IVF is a series of procedures by which the oocytes (eggs) are placed in a dish of nutrient fluid with the sperm and allowed to fertilise and develop for up to six days, creating an embryo. The embryos are either transferred to the uterus of the woman or frozen for later transfer. Sometimes the embryos are biopsied to evaluate their genetic make up.
Successful IVF was first reported with a live birth of a baby in July 1978. There are now millions of children born worldwide to couples following this intervention.
Who is IVF best suited for?
This type of treatment is best for women who have blocked or absent fallopian tubes, endometriosis, unexplained infertility or if the male partner has poor quality sperm. Couples who carry genes which place their children at risk of genetic abnormality or genetically based serious disorders often choose to perform IVF in order to determine the genetic makeup of the embryos before transfer to the uterus.

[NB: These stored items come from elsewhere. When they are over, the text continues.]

Lemma det_mx2 (y : 'M[algC]_2) :
  \det y = y i0_2 i0_2 * y i1_2 i1_2 - y i0_2 i1_2 * y i1_2 i0_2.
Proof.
rewrite (expand_det_row _ i0_2) !big_ord_recr big_ord0 /= /cofactor !det_mx11 !mxE.
rewrite add0r expr0 expr1 mul1r mulN1r mulrN.
have [-> ->] : widen_ord (leqnSn 1) ord_max = i0_2 /\ ord_max = i1_2.
  by split; apply: val_inj.
by have [-> ->] : lift i0_2 0 = i1_2 /\ lift i1_2 0 = i0_2 by split; apply: val_inj.
Qed.

Lemma Yset_inSL2 {R S y} : Yset R S y -> inSL2 y.
Proof.
case=> [-> | [SL2y _]] //; split; last exact: det1.
by move=> i j; rewrite mxE; apply: in_o_nat.
Qed.

Section RepresentativeSystems.

Context {R : algC -> Prop} {S : algC -> algC -> Prop}.
Hypothesis HR : unit_rep_system R.
Hypothesis HS : forall c, R c -> residue_rep_system c (S c).

Lemma Yset_coprime_row {p q s t} :
  [/\ in_o p, in_o q, in_o s & in_o t] -> q != 0 -> s * p + t * q = 1 ->
  exists y u, [/\ Yset R S y, y i1_2 i0_2 = u * q & y i1_2 i1_2 = - (u * p)].
Proof.
move=> [op oq os ot] q_neq0 bez.
have [r [[Rr [u [[ou [v [ov uv]]] r_uq]]] _]] := HR.2 q oq q_neq0.
have ovs : in_o (- (v * s)) by in_o_closure.
have [a [[Sa [k [ok a_vs]]] _]] := (HS _ Rr).2 _ ovs.
have a_eq : a = - (v * s) - k * r by rewrite -a_vs; ring.
have [or _] := HR.1 _ Rr; have oa := (HS _ Rr).1 a Sa.
exists (mx2 a (k * u * p - v * t) r (- (u * p))), u.
rewrite !mxE /=; split=> //; right; split; last by rewrite !mxE.
split; first by move=> [[|[|i]] ?] [[|[|j]] ?]; rewrite mxE //=; in_o_closure.
rewrite det_mx2 !mxE /= a_eq r_uq.
by transitivity (u * v * (s * p + t * q)); [ring | rewrite uv bez mulr1].
Qed.

Lemma Yset_annihilator {x z} : in_o x -> in_o z ->
  exists y, Yset R S y /\ y i1_2 i0_2 * x + y i1_2 i1_2 * z = 0.
Proof.
move=> ox oz; have [-> | z_neq0] := eqVneq z 0.
  by exists 1%:M; split; [left | rewrite !mxE /= mul0r mulr0 addr0].
have [g [p [q [s [t [[op oq os ot] [x_pg z_qg bez]]]]]]] := in_o_bezout ox oz.
have g_neq0 : g != 0 by apply: contraNneq z_neq0 => g0; rewrite z_qg g0 mulr0.
have q_neq0 : q != 0 by apply: contraNneq z_neq0 => q0; rewrite z_qg q0 mul0r.
have coprime_pq : s * p + t * q = 1.
  by apply: (mulIf g_neq0); rewrite mul1r -[in RHS]bez x_pg z_qg; ring.
have [y [u [Yy y10 y11]]] := Yset_coprime_row (And4 op oq os ot) q_neq0 coprime_pq.
by exists y; split=> //; rewrite y10 y11 x_pg z_qg; ring.
Qed.

End RepresentativeSystems.

Ltac case_ord3 i j := case: i => [[|[|[|i]]] ?] //; case: j => [[|[|[|j]]] ?] //=.

Definition i0_3 : 'I_3 := @Ordinal 3 0 isT.
Definition i1_3 : 'I_3 := @Ordinal 3 1 isT.
Definition i2_3 : 'I_3 := @Ordinal 3 2 isT.

Definition mx3 (a b c d e f g h k : algC) : 'M[algC]_3 :=
  \matrix_(i, j) nth 0 (nth [::] [:: [:: a; b; c]; [:: d; e; f]; [:: g; h; k]] i) j.

Lemma mx3_eta (M : 'M[algC]_3) :
  M = mx3 (M i0_3 i0_3) (M i0_3 i1_3) (M i0_3 i2_3)
          (M i1_3 i0_3) (M i1_3 i1_3) (M i1_3 i2_3)
          (M i2_3 i0_3) (M i2_3 i1_3) (M i2_3 i2_3).
Proof.
apply/matrixP=> i j; rewrite mxE.
by case_ord3 i j; congr (M _ _); apply: val_inj.
Qed.

Lemma mulmx2E (M N : 'M[algC]_2) i j :
  (M *m N) i j = M i i0_2 * N i0_2 j + M i i1_2 * N i1_2 j.
Proof.
rewrite mxE !big_ord_recr big_ord0 /= add0r.
by have [-> ->] : widen_ord (leqnSn 1) ord_max = i0_2 /\ ord_max = i1_2 by split; apply: val_inj.
Qed.

Lemma mulmx3E (M N : 'M[algC]_3) i j :
  (M *m N) i j = M i i0_3 * N i0_3 j + M i i1_3 * N i1_3 j + M i i2_3 * N i2_3 j.
Proof.
rewrite mxE !big_ord_recr big_ord0 /= add0r.
have [-> ->] : widen_ord (leqnSn 2) (widen_ord (leqnSn 1) ord_max) = i0_3 /\
               widen_ord (leqnSn 2) ord_max = i1_3 by split; apply: val_inj.
by have -> : ord_max = i2_3 by apply: val_inj.
Qed.

Lemma mul_mx3 a b c d e f g h k a' b' c' d' e' f' g' h' k' :
  mx3 a b c d e f g h k *m mx3 a' b' c' d' e' f' g' h' k' =
  mx3 (a * a' + b * d' + c * g') (a * b' + b * e' + c * h') (a * c' + b * f' + c * k')
      (d * a' + e * d' + f * g') (d * b' + e * e' + f * h') (d * c' + e * f' + f * k')
      (g * a' + h * d' + k * g') (g * b' + h * e' + k * h') (g * c' + h * f' + k * k').
Proof.
apply/matrixP=> i j; rewrite mulmx3E !mxE /=.
by case_ord3 i j.
Qed.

What is the IVF procedure?
- The ovaries are stimulated with fertility drugs into producing more eggs (ideally 5-10) - normally only one egg is released per cycle. The idea is not to produce too many eggs as this can lead to poor egg quality and can place the woman’s health at risk.
- After stimulation of the ovaries, a number of ultrasound scans are performed over a two-week period, to determine the date for egg collection.
- When the date is right, the eggs are located and collected under ultrasound while the woman is under anaesthesia.
- The eggs are placed in a sterile culture dish and placed in an incubator. If a fresh semen sample is to be used it has to be produced on the same day that the eggs are collected. Alternatively frozen semen can be thawed.
- The semen sample is then prepared by a trained embryologist and approximately 100,000 sperm are placed with each egg in culture dishes in the incubator overnight.
- Any fertilised eggs or embryos are then cultured for 2-6 days in an incubator, before the best quality embryo is transferred to the uterus - other good quality embryos can be frozen for future use.
- Injections or vaginal gel or pessaries containing progesterone, can be taken. Generally extra treatment either injections or vaginal gel are taken after embryo transfer to optimise the chance of the treatment cycle being successful.
- A pregnancy test can be taken in 2-3 weeks.